BEP Total Return Price data by YCharts

At its core, it's because Brookfield Renewable's core business is not tied to a volatile and unpredictable commodity like oil, but a far-more predictable commodity, electricity. In short, Brookfield renewable makes a living producing electricity and then selling it to utilities. Almost all of its production is sold under long-term contracts at fixed prices that include escalators for inflation.
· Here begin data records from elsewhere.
Lemma expr_Ind (F : finFieldType) (gamma a : F) :
  #|F|.-1.-primitive_root gamma -> a != 0 -> gamma ^+ Ind gamma a = a.
Proof.
move=> gamma_prim a_neq0.
have [b ->] := prim_rootP gamma_prim (expf_card_pred a_neq0).
have has_b : has (fun c => gamma ^+ c == gamma ^+ b) (iota 0 #|F|.-1).
  by apply/hasP; exists (val b); rewrite ?mem_iota ?ltn_ord.
have := nth_find 0%N has_b; rewrite has_find size_iota in has_b.
by rewrite /Ind nth_iota // => /eqP.
Qed.

Lemma expr_coprime_inv (R : ringType) (r s : nat) : (0 < r)%N -> coprime r s ->
  exists u, forall z : R, z ^+ s = 1 -> (z ^+ r) ^+ u = z.
Proof.
move=> r_gt0 rs_coprime; case: (egcdnP s r_gt0) => u v Bezout _.
exists u => z zs1; rewrite -exprM mulnC Bezout (eqP rs_coprime).
by rewrite exprD mulnC exprM zs1 expr1n mul1r.
Qed.

Lemma prim_root_mul_exp (R : nzRingType) (l s : nat) (z : R) :
  (l * s).-primitive_root z -> l.-primitive_root (z ^+ s).
Proof.
move=> z_prim; have ls_gt0 := prim_order_gt0 z_prim.
have := dvdn_prim_root z_prim (dvdn_mulr s (dvdnn l)).
by rewrite mulKn //; move: ls_gt0; rewrite muln_gt0 => /andP[].
Qed.

Lemma uniq_map_iotaP (T : eqType) (f : nat -> T) (m n : nat) :
  reflect (forall i j, (m <= i < m + n)%N -> (m <= j < m + n)%N ->
             f i = f j -> i = j)
          (uniq [seq f i | i <- iota m n]).
Proof.
rewrite -[m]addn0 iotaDl -map_comp addn0.
apply: (iffP (mkseq_uniqP _ _)) => f_inj i j.
  move=> /andP[mi ilt] /andP[mj jlt] fij.
  suff : (i - m = j - m)%N by lia.
  by apply: f_inj; rewrite ?inE /= ?subnKC //; lia.
rewrite !inE /= => ilt jlt /f_inj; lia.
Qed.

Lemma unity_rootX (R : nzRingType) (l k : nat) (y : R) :
  l.-unity_root y -> l.-unity_root (y ^+ k).
Proof. by move=> /unity_rootP yl1; apply/unity_rootP; rewrite exprAC yl1 expr1n. Qed.

Lemma inj_unity_rootsP (R : fieldType) (T : eqType) (l : nat) (z : R)
    (g : R -> T) :
  l.-primitive_root z ->
  {in l.-unity_root &, injective g} <->
  (forall a b, (a < l)%N -> (b < l)%N -> g (z ^+ a) = g (z ^+ b) -> a = b).
Proof.
move=> z_prim; have z_root k : l.-unity_root (z ^+ k).
  by apply/unity_rootX/unity_rootP; apply: prim_expr_order.
split=> [g_inj a b al bl gab | g_inj u v].
  have /eqP := g_inj _ _ (z_root a) (z_root b) gab.
  by rewrite (eq_prim_root_expr z_prim) !modn_small // => /eqP.
move=> /unity_rootP/(prim_rootP z_prim) [a ->].
move=> /unity_rootP/(prim_rootP z_prim) [b ->].
by move/g_inj => ab; rewrite ab.
Qed.

Lemma prod_inj_unity_roots (R : fieldType) (l : nat) (z : R) (t : nat -> R) :
  l.-primitive_root z -> (forall b, l.-unity_root (t b)) ->
  (forall a b, (a < l)%N -> (b < l)%N -> t a = t b -> a = b) ->
  \prod_(b < l) t b = \prod_(i < l) z ^+ i.
Proof.
move=> z_prim t_root t_inj.
have t_sigma (b : 'I_l) : {i : 'I_l | t b = z ^+ i}.
  by apply: (prim_rootP z_prim); apply/unity_rootP.
pose sigma b := sval (t_sigma b).
have sigma_inj : injective sigma.
  move=> a b ab; apply/val_inj/t_inj; rewrite ?ltn_ord //.
  by rewrite (svalP (t_sigma a)) (svalP (t_sigma b)) -/(sigma a) ab.
rewrite [RHS](reindex_inj sigma_inj); apply: eq_bigr => b _.
exact: svalP (t_sigma b).
Qed.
Furthermore, unlike oil, Brookfield Renewable doesn't deal with a volatile commodity it must buy to produce electricity, though variances in wind, sun, and rainfall do affect how much power its facilities produce and it can sell. The end result is a business that generates remarkably steady, predictable cash flows, a large portion of which management is committed to return to shareholders. 

At recent prices, Brookfield Renewable dividend yield is a generous 6.8%, and management's long-term goal is to increase the payout between 5% and 9% annually. It's certainly been able to do that; over the past five years, the payout has been raised every year, and it's up nearly 90%. 

Moreover, it has one of the best pathways to future growth of any company in the energy industry. Between the impacts of hydrocarbon emissions on the climate and environment, the higher cost of energy from coal, nuclear, and even natural gas, renewables like wind, solar, and hydro are set to gain the majority of future investments. According to a recent company presentation, it would require $5 trillion in investments globally simply to get half the world's energy production shifted to renewables. Want to see a 100% renewable-energy future? Move the needle to $11 trillion. 

Wind turbines and solar panels.

Image source: Getty Images.

That's a massive market opportunity. Furthermore, Brookfield Renewables is already winning the cost battle. Wind energy is cost-competitive with any other source of electricity, while solar is quickly closing the gap. As technology improves and drives the cost of power generation down even further, investments in renewables are likely to accelerate further. 

And as Brookfield Renewables has already proved over the past decade, the best place to invest is in the power-generating assets, and no other management team has shown itself to be as skilled at capital allocation over the long term. 

Look to the future

While there's much to like about ExxonMobil's prospects, I think investors will do much better over the long term to invest in Brookfield Renewable Partners. As much as ExxonMobil continues to deliver high rates of return, owns some great low-cost oil and gas assets, and should be able to leverage its integrated business to deliver even better future returns, there are too many questions surrounding fossil fuels for me to pick it over Brookfield Renewable. 

Frankly, there's no predicting whether oil prices will rise, fall, or hold steady in the future -- though they will almost certainly do all three at different points -- and more importantly, it's hard to predict how much future demand for oil will grow. 

Renewables, however, will certainly continue to grow in demand, while costs will fall. And since I'd rate Brookfield Renewables' management team right up there with ExxonMobil's when it comes to discipline and strong capital deployment skills, you have to go with the business that has the better, more predictable path forward. 

And that's clearly Brookfield Renewable Partners.